You see there is no such thing as an uncontrollable, emotional outburst of a blog. You may think you see some evidence of this, given the state of the online content out there, but no. And you may be the biggest geek this side of the Silicon Valley, but you can control your blog. Trust me.
So, on this occasion, I thought I could channel this energy (*cue the woo-woo music*) into my much neglected blog. No can do. I could not find the words. It felt so meaningless. Despite what the religious will tell you. Despite what we all do to try and give it meaning, in order to derive some comfort. There simply is none. Possibly why it is so maddening in the end. Literally. It just is. And no one can tell me that there is a otherworldly "plan" or "reason" for a 35 year old to just die of leukemia.
And here I am doing what I said I could not.
But in the wake of that horribleness, I realized that what I could write about was a reconnection, not a terrible ending. Just yesterday, while wasting more precious moments of my life flopping about on Facebook (yes, I know), I found an old friend listed under a name that I should have known all along he'd use. We're talking an almost 25 years ago friend, someone from college. Then, this morning, he called. It was an amazing thing. It was like talking with a ghost, honestly, a ghost from my past. Almost not my past, but someone else's. I've never understood it when people say "it seems like only yesterday." Often even yesterday doesn't seem like yesterday to me. But twenty-five years? Another planet. I had antennae and walked on six legs back then. I have pictures.
How do you compress nearly a quarter century into an hour and a half conversation? They were mostly the reader's digest versions. But, that didn't matter. My memory has always been terrible, so there was a lot of reminding to do on his part.

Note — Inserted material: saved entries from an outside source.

(* Either z reaches up to the top of u, and then B_q covers P_u against the
   maximality of v_u, or apex z lies on P_u and z falls strictly between x and y. *)
Lemma sibling_lverts u x y q z : u \in U -> (x, y) \in AU u ->
  sanc (apx x) q -> sanc q (apx y) -> q \notin LP u ->
  z \in F -> anc q (apx z) -> ~~ anc (apx y) (apx z) -> (apx z \in LP u -> z \in Fu u) ->
  forall v, v \in LV z -> ~~ anc (apx y) v.
Proof.
move=> uU xyA xq qy qu zF qz nyz zu_Fu v vz; apply/negP => yv.
have [xF yF xy xy_next] := AuP xyA; have [_ yu] := Au_apex uU xyA.
have [b lpE] := lpath_uplink (U_uplink uU); move: (yu); rewrite lpE => /andP [ty yb].
have yz := lpath_separating (card_F zF) vz (apex_lverts (card_F zF)) yv nyz.
have zy : sanc (apx z) (apx y).
  by apply: anc_sanc_total (anc_refl _ _) (apex_anc (card_F zF) (lpath_lverts yz).1) nyz.
have [zt | nzt] := boolP (anc (apx z) (utop r par u)).
  have qt : anc q (utop r par u).
    apply: contraTT qu => /(anc_sanc_total (sancW qy) (sancW ty)) tq.
    by rewrite lpE tq (anc_trans (sancW qy) yb).
  have qvu := anc_vu uU qt (Bv_covers_uplink uU yF yu (sancW qy) zF qz zt yz).
  by move: (sanc_nanc xq); rewrite (anc_trans qvu (vu_anc_Fu uU xF)).
have tz := anc_sanc_total (sancW zy) (sancW ty) nzt.
have zFu : z \in Fu u by apply: zu_Fu; rewrite lpE tz (anc_trans (sancW zy) yb).
have zny : z != y by apply: contraTneq zy => ->; rewrite /sanc eqxx.
case/orP: (precu_total uU zFu yF zny) => [zy' | yz']; last first.
  by move: (precu_apex uU yF zFu yz'); rewrite (sancW zy).
have xz : anc (apx x) (apx z) := anc_trans (sancW xq) qz.
have znx : z != x by apply: contraTneq xq => <-; apply/negP => /sanc_nanc; rewrite qz.
case/orP: (precu_total uU zFu xF znx) => [zx' | xz'].
  by move: (precu_apex uU zFu xF zx'); rewrite xz.
by move: (xy_next z zFu); rewrite xz' zy'.
Qed.

Definition dep_arc : rel {set V} := fun x y => (x, y) \in darcs r par Fu U.

Lemma dep_arcP x y : reflect (exists2 u, u \in U & (x, y) \in AU u) (dep_arc x y).
Proof.
rewrite /dep_arc inE; apply: (iffP existsP) => [[u /andP [uU xyA]] | [u uU xyA]].
  by exists u.
by exists u; rewrite uU.
Qed.

Lemma dep_arc_F x y : dep_arc x y -> x \in F /\ y \in F.
Proof. by case/dep_arcP => u uU /AuP [xF yF _ _]; rewrite !(subsetP (Fu_subF uU)). Qed.

Lemma dep_arc_sanc_apex x y : dep_arc x y -> sanc (apx x) (apx y).
Proof. by case/dep_arcP => u uU /(Au_sanc_apex uU). Qed.

Lemma dep_arc_apex_lverts x y : dep_arc x y -> apx y \in LV x.
Proof. by case/dep_arcP => u uU /(Au_apex uU) [/lpath_lverts []]. Qed.

Lemma dep_arc_Fu x y u : dep_arc x y -> u \in U -> apx y \in LP u -> y \in Fu u.
Proof.
case/dep_arcP => u' u'U xyA uU yu; have [_ yu'] := Au_apex u'U xyA.
by rewrite (uplink_eq_of_lpath uU u'U yu yu'); case/AuP: xyA.
Qed.

Lemma dep_arc_pred_uniq x x' y : dep_arc x y -> dep_arc x' y -> x = x'.
Proof. by case/dep_arcP => u uU xyA /dep_arcP [u' u'U]; apply: Au_pred_uniq xyA. Qed.

Lemma connect_dep_arc_apex x y : connect dep_arc x y -> anc (apx x) (apx y).
Proof.
move: y; apply: connect_path_ind; first exact: anc_refl.
by move=> y y' xy /dep_arc_sanc_apex /sancW; apply: anc_trans.
Qed.

Lemma branch_lverts u u' x y y' z v : u \in U -> u' \in U -> u != u' ->
  (x, y) \in AU u -> (x, y') \in AU u' -> sanc (apx y) (apx y') ->
  connect dep_arc y z -> v \in LV z -> ~~ anc (apx y') v.
Proof.
move=> uU u'U uu' xyA xy'A yy' yz; have [_ yFu _ _] := AuP xyA.
have yF := subsetP (Fu_subF uU) y yFu; have [_ yu] := Au_apex uU xyA.
have yu' : apx y \notin LP u'.
  by apply: contra uu' => yu'; rewrite (uplink_eq_of_lpath uU u'U yu yu').
have sibling := sibling_lverts u'U xy'A (Au_sanc_apex uU xyA) yy' yu'.
pose I z := [/\ z \in F, anc (apx y) (apx z) & forall v, v \in LV z -> ~~ anc (apx y') v].
suff [] : I z by move=> _ _; apply.
move: z yz; apply: connect_path_ind.
  split; rewrite ?anc_refl //; apply: sibling; rewrite ?anc_refl ?sanc_nanc //.
  by move=> /(negP yu').
move=> z1 z2 [z1F yz1 z1_low] z12; have [_ z2F] := dep_arc_F z12.
have yz2 := anc_trans yz1 (sancW (dep_arc_sanc_apex z12)).
split=> //; apply: sibling => //; first exact: z1_low (dep_arc_apex_lverts z12).
exact: dep_arc_Fu z12 u'U.
Qed.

But the important part was that back then we had a lot of fun while running about trying to educate, find ourselves and get our social bearings simultaneously. There was a fair amount of Peyton Place in it too, as I do recall and try to remember when I observe my much younger co-workers winding themselves around the mystery of it all while trying to hold down a job that bestows many a bizarre schedule on a weekly and sometimes daily basis.
It was an oddly familiar pleasure. Talking to him, I felt small echos of the simple fun and exhilaration we used to have with the most mundane things and situations. Of course, some of it was fueled by extracurricular substances that enhanced the experiences, but I found a tidbit of bona fide nostalgia creeping over me. In many ways, back then, it was like being a two year old, for whom every little thing is a great new thing or show to behold. Only better, because you were a proto adult and had control over where and when and what you did instead of being put to bed by your parents at 7 pm. But that was another life, a communal one that allowed one to exist in a glorious privileged bubble, reinventing yourself as you went, opening the cookie jar whenever the mental munchies came upon you.

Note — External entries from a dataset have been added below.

Lemma novikov_of_derivationP :
  (forall u v, D (u * v) = D u * v + u * D v) -> novikov novikov_of_derivation.
Proof. by move=> DM; split=> u v w; rewrite /= /dmul ?DM; ring. Qed.

End NovikovOfDerivation.

Section NovikovModel.
Variables (K : fieldType) (n : nat).

(* z_j is variable j and y_j is variable n + j; the extra variable only makes
   inord available. *)
Definition nvars := (n + n).+1.
Definition zvar (j : nat) : 'I_nvars := inord j.
Definition yvar (j : nat) : 'I_nvars := inord (n + j).

Lemma zvar_val j : (j < n)%N -> zvar j = j :> nat.
Proof. by move=> j_lt; rewrite inordK // ltnS (leq_trans (ltnW j_lt)) ?leq_addr. Qed.

Lemma yvar_val j : (j < n)%N -> yvar j = (n + j)%N :> nat.
Proof. by move=> j_lt; rewrite inordK // ltnS leq_add2l ltnW. Qed.

Lemma eq_zvar i j : (i < n)%N -> (j < n)%N -> (zvar i == zvar j) = (i == j).
Proof. by move=> i_lt j_lt; rewrite -val_eqE /= !zvar_val. Qed.

Lemma eq_yvar i j : (i < n)%N -> (j < n)%N -> (yvar i == yvar j) = (i == j).
Proof. by move=> i_lt j_lt; rewrite -val_eqE /= !yvar_val // eqn_add2l. Qed.

Lemma yvar_neq_zvar i j : (i < n)%N -> (j < n)%N -> (yvar i == zvar j) = false.
Proof.
move=> i_lt j_lt; rewrite -val_eqE /= yvar_val // zvar_val //.
by apply/negbTE; rewrite gtn_eqF // (leq_trans j_lt) // leq_addr.
Qed.

Implicit Types (p q : {mpoly K[nvars]}) (L : seq nat).

Definition zy_deriv p : {mpoly K[nvars]} :=
  \sum_(j <- iota 0 n) 'X_(zvar j) * 'X_(yvar j) * p^`M(yvar j).

Lemma zy_deriv_is_linear : linear zy_deriv.
Proof.
move=> c p q; rewrite /zy_deriv scaler_sumr -big_split; apply: eq_bigr => j _ /=.
by rewrite linearP mulrDr scalerAr.
Qed.

HB.instance Definition _ :=
  GRing.isLinear.Build K {mpoly K[nvars]} {mpoly K[nvars]} _ zy_deriv zy_deriv_is_linear.

Lemma zy_derivM p q : zy_deriv (p * q) = zy_deriv p * q + p * zy_deriv q.
Proof.
rewrite /zy_deriv mulr_suml mulr_sumr -big_split; apply: eq_bigr => j _ /=.
by rewrite mderivM; ring.
Qed.

Lemma zy_deriv_zvar j : (j < n)%N -> zy_deriv 'X_(zvar j) = 0.
Proof.
move=> j_lt; rewrite /zy_deriv big1_seq // => i /andP [_]; rewrite mem_iota add0n => i_lt.
by rewrite mderivX mnm1E eq_sym yvar_neq_zvar // mulr0n scale0r mulr0.
Qed.

Lemma zy_deriv_yvar j : (j < n)%N -> zy_deriv 'X_(yvar j) = 'X_(zvar j) * 'X_(yvar j).
Proof.
move=> j_lt; rewrite /zy_deriv (bigD1_seq j) ?mem_iota ?iota_uniq //= big1_seq ?addr0.
  rewrite mderivX mnm1E eqxx scale1r (_ : (_ - _)%MM = 0%MM) ?mpolyX0 ?mulr1 //.
  by apply/mnmP => i; rewrite mnmBE mnm0E subnn.
move=> i /andP [i_neq]; rewrite mem_iota add0n => i_lt.
by rewrite mderivX mnm1E eq_yvar // eq_sym (negbTE i_neq) mulr0n scale0r mulr0.
Qed.

Definition novikov_model : algebra K := novikov_of_derivation zy_deriv.

Lemma novikov_modelP : novikov novikov_model.
Proof. exact: novikov_of_derivationP zy_derivM. Qed.

Definition zsum L : {mpoly K[nvars]} := \sum_(j <- L) 'X_(zvar j).

Lemma zsum_cat L1 L2 : zsum (L1 ++ L2) = zsum L1 + zsum L2.
Proof. exact: big_cat. Qed.

Lemma zy_deriv_zsum L : all (fun j => j < n)%N L -> zy_deriv (zsum L) = 0.
Proof.
move=> /allP L_lt; rewrite /zsum linear_sum big1_seq //= => j /L_lt.
exact: zy_deriv_zvar.
Qed.

Definition nov_value (t : dterm) : {mpoly K[nvars]} :=
  meval (A := novikov_model) (fun j => 'X_(yvar j)) (to_pair t).2.

Lemma nov_value_prec t1 t2 :
  nov_value (DPrec t1 t2) = nov_value t1 * zy_deriv (nov_value t2).
Proof. by []. Qed.

Lemma nov_value_succ t1 t2 :
  nov_value (DSucc t1 t2) = nov_value t2 * zy_deriv (nov_value t1).
Proof. by []. Qed.

Lemma nov_value_deriv t : all (fun j => j < n)%N (dleaves t) ->
  zy_deriv (nov_value t) = zsum (dleaves t) * nov_value t.
Proof.
elim: t => [i|t1 IH1 t2 IH2|t1 IH1 t2 IH2] /=.
- by rewrite andbT => i_lt; rewrite /zsum big_seq1 zy_deriv_yvar.
- rewrite all_cat => /andP [lt1 lt2]; rewrite nov_value_prec IH2 // !zy_derivM.
  by rewrite IH1 // IH2 // zy_deriv_zsum // zsum_cat; ring.
rewrite all_cat => /andP [lt1 lt2]; rewrite nov_value_succ IH1 // !zy_derivM.
by rewrite IH1 // IH2 // zy_deriv_zsum // zsum_cat; ring.
Qed.

Definition zsupported p L :=
  forall m, m \in msupp p -> forall j, (j < n)%N -> j \notin L -> m (zvar j) = 0%N.

Lemma zsupported_sub p L L' : {subset L <= L'} -> zsupported p L -> zsupported p L'.
Proof. by move=> sub_L p_L m m_p j j_lt jNL'; apply: p_L m_p j j_lt (contra (sub_L j) jNL'). Qed.

Lemma zsupportedD p q L : zsupported p L -> zsupported q L -> zsupported (p + q) L.
Proof. by move=> p_L q_L m /msuppD_le; rewrite mem_cat => /orP [/p_L | /q_L]. Qed.

Lemma zsupportedM p q L : zsupported p L -> zsupported q L -> zsupported (p * q) L.
Proof.
move=> p_L q_L m /msuppM_le /allpairsP [[m1 m2] /= [m1_p m2_q ->]] j j_lt jNL.
by rewrite mnmDE (p_L _ m1_p) ?(q_L _ m2_q).
Qed.

Lemma zsupportedX (i : 'I_nvars) L :
  (forall j, (j < n)%N -> j \notin L -> i != zvar j) -> zsupported 'X_i L.
Proof.
move=> i_neq m; rewrite msuppX mem_seq1 => /eqP -> j j_lt jNL.
by rewrite mnm1E (negbTE (i_neq j j_lt jNL)).
Qed.

Lemma zsupported_zsum L : all (fun j => j < n)%N L -> zsupported (zsum L) L.
Proof.
elim: L => [_ m|i L IH /andP [i_lt L_lt]].
  by rewrite /zsum big_nil msupp0.
rewrite /zsum big_cons; apply: zsupportedD.
  apply: zsupportedX => j j_lt; rewrite in_cons negb_or => /andP [j_neq _].
  by rewrite eq_zvar // eq_sym.
by apply: zsupported_sub (IH L_lt) => j j_L; rewrite in_cons j_L orbT.
Qed.

Lemma nov_value_zsupported t : all (fun j => j < n)%N (dleaves t) ->
  zsupported (nov_value t) (dleaves t).
Proof.
elim: t => [i|t1 IH1 t2 IH2|t1 IH1 t2 IH2] /=.
- by rewrite andbT => i_lt; apply: zsupportedX => j j_lt _; rewrite yvar_neq_zvar.
- rewrite all_cat => /andP [lt1 lt2]; rewrite nov_value_prec nov_value_deriv //.
  apply: zsupportedM; first exact: zsupported_sub (mem_subseq (prefix_subseq _ _)) (IH1 lt1).
  apply: zsupported_sub (mem_subseq (suffix_subseq _ _)) _.
  exact: zsupportedM (zsupported_zsum lt2) (IH2 lt2).
rewrite all_cat => /andP [lt1 lt2]; rewrite nov_value_succ nov_value_deriv //.
apply: zsupportedM; first exact: zsupported_sub (mem_subseq (suffix_subseq _ _)) (IH2 lt2).
apply: zsupported_sub (mem_subseq (prefix_subseq _ _)) _.
exact: zsupportedM (zsupported_zsum lt1) (IH1 lt1).
Qed.

End NovikovModel.

Section ShiftProducts.
Variables (K : fieldType) (k : nat) (A : algebra K).
Implicit Types (p : {mpoly K[k]}) (G H : 'X_{1..k} -> A).

Definition shift_invariant G p :=
  forall m kappa, m \in msupp p -> G (kappa + m)%MM = G kappa.

Lemma mshift_amull G H p : shift_invariant G p ->
  mshift p (fun kappa => amul (G kappa) (H kappa)) =
  fun kappa => amul (G kappa) (mshift p H kappa).
Proof.
move=> G_inv; apply/funext => kappa; rewrite /mshift /mpair amul_sumr.
by apply: eq_big_seq => m m_p; rewrite G_inv // amulZr.
Qed.

Lemma mshift_amulr G H p : shift_invariant G p ->
  mshift p (fun kappa => amul (H kappa) (G kappa)) =
  fun kappa => amul (mshift p H kappa) (G kappa).
Proof.
move=> G_inv; apply/funext => kappa; rewrite /mshift /mpair amul_suml.
by apply: eq_big_seq => m m_p; rewrite G_inv // amulZl.
Qed.

End ShiftProducts.

Section Realization.
Variables (K : fieldType) (n : nat) (A : algebra K).
Local Notation monomial := 'X_{1..nvars n}.
Implicit Types (p q : {mpoly K[nvars n]}) (F G H : monomial -> A) (L : seq nat).

Definition uniq_lt L := uniq L && all (fun j => j < n)%N L.

Lemma uniq_lt_cat L1 L2 : uniq_lt (L1 ++ L2) -> uniq_lt L1 /\ uniq_lt L2.
Proof.
by rewrite /uniq_lt cat_uniq all_cat => /andP [/and3P [-> _ ->] /andP [-> ->]].
Qed.

Definition depends_only_on F L := forall kappa kappa' : monomial,
  {in L, forall j, kappa (zvar n j) = kappa' (zvar n j)} -> F kappa = F kappa'.

Lemma depends_only_on_mshift p F L :
  depends_only_on F L -> depends_only_on (mshift p F) L.
Proof.
move=> F_L kappa kappa' eq_kappa; rewrite /mshift; congr mpair.
by apply/funext => m; apply: F_L => j j_L; rewrite !mnmDE eq_kappa.
Qed.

I didn't realize that I missed it anymore. I missed him, and all of the technicolor exuberance and crazy possibilities, all compressed in a tiny college petri dish. All these years later he summoned it back, just a bit, in between the years of sadness and loss, running, searching, and finally moving on. I remember feeling the loss of community upon graduation. Acutely. A rarefied four years gone forever. It was a kind of agony to dwell on it, even with the array of tattered feelings and charred bridges strewing the exits. In the end there were no Hallmark moments to cast a glow over us. Just a couple of middle aged cackles ruminating over our long ago shared past, and trying to fill in the second half a lifetime. He knew most of the words, the names, and places, while all I could remember was the decay of the metaphorical music. But I guess that's pretty good, considering.
No wonder I blubber at funerals. I may give them up soon.